L’EI constitue l'expression la plus extrême qu'on ait vue de l'islamisme. Jusque-là, on croyait que c'était l'Iran, puis les talibans... Le califat, c'est la restauration d'un modèle disparu depuis onze siècles - un peu comme Mussolini croyait réincarner l'empereur romain. Mais quelle puissance représente-t-il ? Presque rien, surtout face aux plus grandes armées du monde. Je vois des chances raisonnables que l'EI disparaisse cette année - du moins en tant qu'État, même si son influence continue. Objectivement, l'Iran représente à mes yeux une menace bien plus grande, avec son armée, ses ressources et sa quête de la bombe atomique.
Vous étiez partisan de l'invasion de l'Irak en 2003 : quelle leçon en tirez-vous ?

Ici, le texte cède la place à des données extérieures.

Lemma count_lang_subword : subword_closed count_lang.
Proof.
move=> u w sub_uw /andP [None_w count_w]; apply/andP; split.
  by apply: contra None_w; apply: mem_subseq.
exact: leq_trans (leq_count_subseq _ sub_uw) count_w.
Qed.

Lemma star_count_lang w : star count_lang w <-> None \notin w.
Proof.
split.
  by move: w; apply: star_ind => // u v /andP [None_u _] None_v; rewrite mem_cat negb_or None_u.
elim: w => [|a w IH]; first by move=> _; apply: star_nil.
rewrite in_cons negb_or => /andP [neq_a None_w]; rewrite -cat1s.
by apply: star_cons (IH None_w); case: a neq_a => [[]|] //= _; rewrite /count_lang.
Qed.

Definition count_word (j : option 'I_K.+1) :=
  if j is Some i then Some false :: nseq i (Some true) else [:: None].

Lemma count_lang_word (i : 'I_K.+1) x : count_lang (count_word (Some i) ++ x) <->
  (None \notin x) && (i + count_mem (Some true) x <= K).
Proof.
by rewrite /count_lang /= in_cons mem_cat mem_nseq count_cat count_nseq /= mul1n andbF.
Qed.

Lemma count_family : separating_family count_lang count_word.
Proof.
have L_word (i : 'I_K.+1) : count_lang (count_word (Some i)).
  by have := count_lang_word i [::]; rewrite cats0 /= addn0 -ltnS ltn_ord => -[_]; apply.
have le_word (a b : 'I_K.+1) : lang_eq (quot count_lang (count_word (Some a)))
    (quot count_lang (count_word (Some b))) -> a <= b.
  move=> eq_ab; have := eq_ab (nseq (K - b) (Some true)).
  rewrite /quot !count_lang_word mem_nseq count_nseq /= mul1n andbF /=.
  move: (ltn_ord b) => lt_b [_ ba]; suff : a + (K - b) <= K by lia.
  by apply: ba; lia.
split; first by case.
- case=> [i|] [j|] neq_ij eq_ij //.
  + have eq_val : i = j :> nat by apply/eqP; rewrite eqn_leq !le_word //; apply: lang_eq_sym.
    by rewrite (val_inj eq_val) eqxx in neq_ij.
  + by have := eq_ij [::]; rewrite /quot !cats0 => -[/(_ (L_word i))].
  + by have := eq_ij [::]; rewrite /quot !cats0 => -[_ /(_ (L_word j))].
- case=> [i|]; first by left.
  by right; exists [:: Some false] => //; rewrite /count_lang /= => -[/(_ (leq0n K))].
Qed.

Definition star_count_word (b : bool) := if b then [:: Some false] else [:: None].

Lemma star_count_family : separating_family (star count_lang) star_count_word.
Proof.
split; first by case.
- case=> [] [] // _ eq_b; have := eq_b [::]; rewrite /quot /= !star_count_lang //.
    by case=> /(_ isT).
  by case=> _ /(_ isT).
- case; first by left; apply/star_count_lang.
  by right; exists [:: Some false] => //; rewrite !star_count_lang //= => -[/(_ isT)].
Qed.

Lemma count_example c : c = Factor \/ c = Subword ->
  [/\ 0 < #|{: option bool}|, hyps c count_lang K.+2,
      has_kappa (star count_lang) (fbound c K.+2),
      has_kappa (star (compl (star count_lang))) (fbound c K.+2 + 1)
    & has_kappa (star (compl count_lang)) (K.+2 + 1)].
Proof.
move=> c_eq.
have closed_L : closed_in c count_lang.
  by case: c_eq => ->; [apply: subword_closed_factor |]; apply: count_lang_subword.
apply: (bounds_attained (x := [:: Some false]) (y := nseq K.+1 (Some true))
  _ closed_L _ _ _ _ _ _ count_family _ star_count_family) => //.
- by rewrite card_option.
- by apply/star_count_lang; rewrite mem_nseq.
- by rewrite /count_lang count_nseq /= mul1n ltnn andbF.
- apply: (has_kappa_leq_key (key := count_state)).
    by move=> w; rewrite /count_state; case: ifP => // _; rewrite ltnS geq_minr.
  by move=> w w' eq_state x; rewrite /quot !count_lang_cat eq_state.
- by rewrite card_option card_ord.
- by case: c_eq => ->; rewrite card_bool.
Qed.

End CountExample.

Theorem theorem7 :
  (forall (c : closure_class) (Sigma : finType) (L : lang Sigma) (n : nat),
     0 < #|Sigma| -> hyps c L n ->
     [/\ has_kappa (compl L) n,
         (exists m, [/\ has_kappa (star L) m, has_kappa (compl (star L)) m
                       & m <= fbound c n]),
         (exists m, [/\ has_kappa (star (compl (star L))) m,
                       has_kappa (compl (star (compl (star L)))) m
                       & m <= fbound c n + 1])
       & (exists m, [/\ has_kappa (star (compl L)) m,
                       has_kappa (compl (star (compl L))) m
                       & m <= n + 1])]) /\
  (forall c : closure_class, exists N : nat, forall n : nat, N <= n ->
     exists (Sigma : finType) (L : lang Sigma),
       [/\ 0 < #|Sigma|, hyps c L n,
           has_kappa (star L) (fbound c n),
           has_kappa (star (compl (star L))) (fbound c n + 1)
         & has_kappa (star (compl L)) (n + 1)]).
Proof.
split=> [c Sigma L n _ | c]; first exact: closed_kappa_bounds.
case: c.
- exists 4 => -[|[|[|[|k]]]] // _.
  by exists ('I_k.+2 + 'I_k.+2)%type, (@plang k); apply: prefix_example.
- exists 4 => -[|[|[|[|k]]]] // _.
  by exists (option ('I_k.+1 + 'I_k.+1)), (@slang k); apply: suffix_example.
- exists 3 => -[|[|[|k]]] // _.
  by exists (option bool), (count_lang k.+1); apply: count_example; [|left].
- exists 3 => -[|[|[|k]]] // _.
  by exists (option bool), (count_lang k.+1); apply: count_example; [|right].
Qed.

Cela a été mal fait : il fallait juste se débarrasser de Saddam Hussein et quitter le pays. On aurait économisé 5 000 vies américaines et 1 000 milliards de dollars. Et on n'aurait pas vu notre influence diminuer autant.
Avec l'afflux de migrants, c'est l'Europe qui est maintenant en première ligne face au chaos...
Angela Merkel a commis une folie incroyable en invitant tous les Syriens. Son pays et l'Europe vont le payer très cher. Le Liban, la Turquie, la Jordanie sont les terres d'asile naturelles pour les réfugiés. En Europe, c'est de l'immigration illégale.